WHAT THE TASK ASKS: The entries that follow include a run beginning at the line with "Definition is_face (r" and ending at the line with "(* elements of M: classes"; restate that run word for word and leave the rest out.
====
(* Let $\mathcal M$ be a finite polyptych lattice over $F$, $(\mathcal M,\mathcal N,\mathsf v,\mathsf w)$ a strict dual $F$-pair, and $\mathcal P\subseteq\mathcal M_{\mathbb R}$ a PL polytope over $F$. Then the support function satisfies $\psi_{\mathcal P}(n)=\min_{s\in V(\mathcal P)}\mathsf v(s)(n)$ for all $n\in\mathcal N_{\mathbb R}$, where $V(\mathcal P)$ is a finite set. In particular $\psi_{\mathcal P}$ is continuous and belongs to the point semialgebra $P_{\mathcal N_{\mathbb R}}$.
   Context: Fix a subring $F$ with $\mathbb Z\subseteq F\subseteq\mathbb R$. A polyptych lattice of rank $r$ over $F$ is a collection $\{M_\alpha\}_{\alpha\in I}$ of free $F$-modules of rank $r$ with piecewise $F$-linear maps (continuous and $F$-linear on each cone of some complete $F$-rational fan) $\mu_{\alpha,\beta}:M_\alpha\to M_\beta$ with $\mu_{\alpha,\alpha}=\mathrm{id}$, $\mu_{\alpha,\beta}=\mu_{\beta,\alpha}^{-1}$, $\mu_{\beta,\gamma}\circ\mu_{\alpha,\beta}=\mu_{\alpha,\gamma}$; finite if $I$ is finite. Elements are classes of $\bigsqcup M_\alpha$ under $m_\alpha\sim\mu_{\alpha,\beta}(m_\alpha)$; $\pi_\alpha$ chart maps; $\mathcal M_{\mathbb R}$ has charts $M_\alpha\otimes\mathbb R$. $m+_\alpha m':=\pi_\alpha^{-1}(\pi_\alpha(m)+\pi_\alpha(m'))$, $\lambda m:=\pi_\alpha^{-1}(\lambda\pi_\alpha(m))$. $\Sigma(\mathcal M)$: coarsest complete fan of cones in $\mathcal M_{\mathbb R}$ on whose chart images all mutations are linear. Points of $\mathcal M$ (resp. $\mathcal M_{\mathbb R}$): $p$ with $p(m)+p(m')=\min_\alpha p(m+_\alpha m')$ and $p(\lambda m)=\lambda p(m)$ for nonnegative scalars; sets $\mathrm{Sp}(\mathcal M)$, $\mathrm{Sp}_{\mathbb R}(\mathcal M)$; $\mathrm{Sp}_{\mathbb R}(\mathcal M,\alpha)$ = those linear on chart $\alpha$. $\mathcal H_{p,a}=\{m\in\mathcal M_{\mathbb R}:p(m)\ge a\}$. A PL polytope over $F$: compact $\bigcap_{i=1}^\ell\mathcal H_{p_i,a_i}$, $p_i\in\mathrm{Sp}(\mathcal M)$, $a_i\in F$; $V(\mathcal P)=\{m:\exists\alpha,\ \pi_\alpha(m)\text{ a vertex of the polytope }\pi_\alpha(\mathcal P)\}$. Strict dual $F$-pair: $\mathsf v:\mathcal M_{\mathbb R}\to\mathrm{Sp}_{\mathbb R}(\mathcal N)$, $\mathsf w:\mathcal N_{\mathbb R}\to\mathrm{Sp}_{\mathbb R}(\mathcal M)$ such that (1) $\mathsf v(\mathcal M)\subseteq\mathrm{Sp}(\mathcal N)$, $\mathsf w(\mathcal N)\subseteq\mathrm{Sp}(\mathcal M)$; (2) $\mathsf v(m)(n)=\mathsf w(n)(m)$; (3) these restrictions are bijections; (4) the $\mathsf v^{-1}(\mathrm{Sp}_{\mathbb R}(\mathcal N,\gamma))$ are exactly the maximal cones of $\Sigma(\mathcal M)$ and the $\mathsf w^{-1}(\mathrm{Sp}_{\mathbb R}(\mathcal M,\alpha))$ those of $\Sigma(\mathcal N)$. Support function: $\psi_{\mathcal P}(n)=\min\{\mathsf v(u)(n):u\in\mathcal P\}$ for $n\in\mathcal N_{\mathbb R}$. $P_{\mathcal N_{\mathbb R}}$ is the set of functions on $\mathcal N_{\mathbb R}$ generated by $\mathrm{Sp}_{\mathbb R}(\mathcal N)$ under pointwise $\min$ and $+$. *)

From HB Require Import structures.
From mathcomp Require Import all_boot all_order all_algebra.
From mathcomp Require Import all_classical all_reals all_analysis.
From mathcomp Require Import Rstruct Rstruct_topology.
From Stdlib Require List.
Set Implicit Arguments. Unset Strict Implicit. Unset Printing Implicit Defensive.
Import Order.TTheory GRing.Theory Num.Theory.
Local Open Scope classical_set_scope.
Local Open Scope ring_scope.

Notation RR := Rdefinitions.R.

Definition subringR (F : set RR) : Prop :=
  (forall z : int, F (z%:~R)) /\
  (forall x y, F x -> F y -> F (x + y) /\ F (x * y) /\ F (- x)).

Definition inFv (F : set RR) (r : nat) (x : 'rV[RR]_r) : Prop := forall i, F (x 0 i).
Definition inFm (F : set RR) (r s : nat) (A : 'M[RR]_(r, s)) : Prop :=
  forall i j, F (A i j).

Definition dotv (r : nat) (u x : 'rV[RR]_r) : RR := \sum_(i < r) u 0 i * x 0 i.

Definition cone_gen (r : nat) (gs : seq 'rV[RR]_r) (x : 'rV[RR]_r) : Prop :=
  exists lam : 'I_(size gs) -> RR,
    (forall i, 0 <= lam i) /\ x = \sum_(i < size gs) lam i *: nth 0 gs i.

Definition rcone (F : set RR) (r : nat) (C : set 'rV[RR]_r) : Prop :=
  exists gs : seq 'rV[RR]_r, (forall g, List.In g gs -> inFv F g) /\
    (forall x, C x <-> cone_gen gs x).

Definition eqset (T : Type) (A B : set T) : Prop := forall x, A x <-> B x.

Definition is_face (r : nat) (C D : set 'rV[RR]_r) : Prop :=
  exists u : 'rV[RR]_r, (forall x, C x -> 0 <= dotv u x) /\
    (forall x, D x <-> (C x /\ dotv u x = 0)).

Definition fan (F : set RR) (r : nat) (L : seq (set 'rV[RR]_r)) : Prop :=
  (forall C, List.In C L -> rcone F C) /\
  (forall C D, List.In C L -> is_face C D -> exists D', List.In D' L /\ eqset D D') /\
  (forall C C', List.In C L -> List.In C' L ->
     is_face C (C `&` C') /\ is_face C' (C `&` C')).

Definition complete_fan (F : set RR) (r : nat) (L : seq (set 'rV[RR]_r)) : Prop :=
  fan F L /\ (forall x, exists C, List.In C L /\ C x).

Definition pwl (F : set RR) (r s : nat) (f : 'rV[RR]_r -> 'rV[RR]_s) : Prop :=
  continuous f /\
  exists L, complete_fan F L /\
    forall C, List.In C L -> exists A : 'M[RR]_(r, s), inFm F A /\
      forall x, C x -> f x = x *m A.

(* A polyptych lattice of rank r over F with index type I: the charts are
   M_alpha = F^r (inside M_alpha ⊗ R = R^r) and mu a b is the (real extension
   of the) mutation mu_{a,b}. *)
Definition polyptych (F : set RR) (I : Type) (r : nat)
    (mu : I -> I -> 'rV[RR]_r -> 'rV[RR]_r) : Prop :=
  inhabited I /\
  (forall a b, pwl F (mu a b)) /\
  (forall a x, mu a a x = x) /\
  (forall a b x, mu b a (mu a b x) = x /\ mu a b (mu b a x) = x) /\
  (forall a b c x, mu b c (mu a b x) = mu a c x).

Section PL.
Variables (F : set RR) (I : Type) (r : nat) (mu : I -> I -> 'rV[RR]_r -> 'rV[RR]_r).

(* elements of M_R: compatible families of chart coordinates *)
Definition isMR (m : I -> 'rV[RR]_r) : Prop := forall a b, m b = mu a b (m a).
(* elements of M: classes of elements of some M_alpha = F^r *)
Definition isM (m : I -> 'rV[RR]_r) : Prop := isMR m /\ exists a, inFv F (m a).
Definition piinv (a : I) (x : 'rV[RR]_r) : I -> 'rV[RR]_r := fun b => mu a b x.
Definition addc (a : I) (m m' : I -> 'rV[RR]_r) := piinv a (m a + m' a).
Definition smulc (a : I) (l : RR) (m : I -> 'rV[RR]_r) := piinv a (l *: m a).

Definition SpR (p : (I -> 'rV[RR]_r) -> RR) : Prop :=
  (forall m m', isMR m -> isMR m' ->
     (forall a, p m + p m' <= p (addc a m m')) /\
     (exists a, p m + p m' = p (addc a m m'))) /\
  (forall a l m, 0 <= l -> isMR m -> p (smulc a l m) = l * p m).
Definition Sp (p : (I -> 'rV[RR]_r) -> RR) : Prop :=
  SpR p /\ forall m, isM m -> F (p m).
Definition SpRa (a : I) (p : (I -> 'rV[RR]_r) -> RR) : Prop :=
  SpR p /\ exists u : 'rV[RR]_r, forall x, p (piinv a x) = dotv u x.

Definition subM (A B : set (I -> 'rV[RR]_r)) := forall m, isMR m -> A m -> B m.
Definition eqM (A B : set (I -> 'rV[RR]_r)) := subM A B /\ subM B A.

Definition chart_fan (S : seq (set (I -> 'rV[RR]_r))) : Prop :=
  (forall a, complete_fan F (map (fun C => fun x => C (piinv a x)) S)) /\
  (forall C a b, List.In C S -> exists A : 'M[RR]_(r, r),
      forall x, C (piinv a x) -> mu a b x = x *m A).
Definition coarsest_fan (S : seq (set (I -> 'rV[RR]_r))) : Prop :=
  chart_fan S /\ forall S', chart_fan S' ->
    forall C', List.In C' S' -> exists C, List.In C S /\ subM C' C.
Definition maxcone (S : seq (set (I -> 'rV[RR]_r))) (C : set (I -> 'rV[RR]_r)) :=
  List.In C S /\ forall C', List.In C' S -> subM C C' -> subM C' C.

Definition PLpolytope (P : set (I -> 'rV[RR]_r)) : Prop :=
  (exists (l : nat) (p : 'I_l -> (I -> 'rV[RR]_r) -> RR) (c : 'I_l -> RR),
     (forall i, Sp (p i)) /\ (forall i, F (c i)) /\
     (forall m, P m <-> (isMR m /\ forall i, c i <= p i m))) /\
  (forall a, compact [set x | P (piinv a x)]).

Definition vertex (K : set 'rV[RR]_r) (x : 'rV[RR]_r) : Prop :=
  K x /\ exists u : 'rV[RR]_r, forall y, K y -> y <> x -> dotv u x < dotv u y.

Definition Vert (P : set (I -> 'rV[RR]_r)) (m : I -> 'rV[RR]_r) : Prop :=
  P m /\ exists a, vertex [set x | P (piinv a x)] (m a).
====
EXERCISE SOLUTION:
Definition is_face (r : nat) (C D : set 'rV[RR]_r) : Prop :=
  exists u : 'rV[RR]_r, (forall x, C x -> 0 <= dotv u x) /\
    (forall x, D x <-> (C x /\ dotv u x = 0)).

Definition fan (F : set RR) (r : nat) (L : seq (set 'rV[RR]_r)) : Prop :=
  (forall C, List.In C L -> rcone F C) /\
  (forall C D, List.In C L -> is_face C D -> exists D', List.In D' L /\ eqset D D') /\
  (forall C C', List.In C L -> List.In C' L ->
     is_face C (C `&` C') /\ is_face C' (C `&` C')).

Definition complete_fan (F : set RR) (r : nat) (L : seq (set 'rV[RR]_r)) : Prop :=
  fan F L /\ (forall x, exists C, List.In C L /\ C x).

Definition pwl (F : set RR) (r s : nat) (f : 'rV[RR]_r -> 'rV[RR]_s) : Prop :=
  continuous f /\
  exists L, complete_fan F L /\
    forall C, List.In C L -> exists A : 'M[RR]_(r, s), inFm F A /\
      forall x, C x -> f x = x *m A.

(* A polyptych lattice of rank r over F with index type I: the charts are
   M_alpha = F^r (inside M_alpha ⊗ R = R^r) and mu a b is the (real extension
   of the) mutation mu_{a,b}. *)
Definition polyptych (F : set RR) (I : Type) (r : nat)
    (mu : I -> I -> 'rV[RR]_r -> 'rV[RR]_r) : Prop :=
  inhabited I /\
  (forall a b, pwl F (mu a b)) /\
  (forall a x, mu a a x = x) /\
  (forall a b x, mu b a (mu a b x) = x /\ mu a b (mu b a x) = x) /\
  (forall a b c x, mu b c (mu a b x) = mu a c x).

Section PL.
Variables (F : set RR) (I : Type) (r : nat) (mu : I -> I -> 'rV[RR]_r -> 'rV[RR]_r).

(* elements of M_R: compatible families of chart coordinates *)
Definition isMR (m : I -> 'rV[RR]_r) : Prop := forall a b, m b = mu a b (m a).
(* elements of M: classes of elements of some M_alpha = F^r *)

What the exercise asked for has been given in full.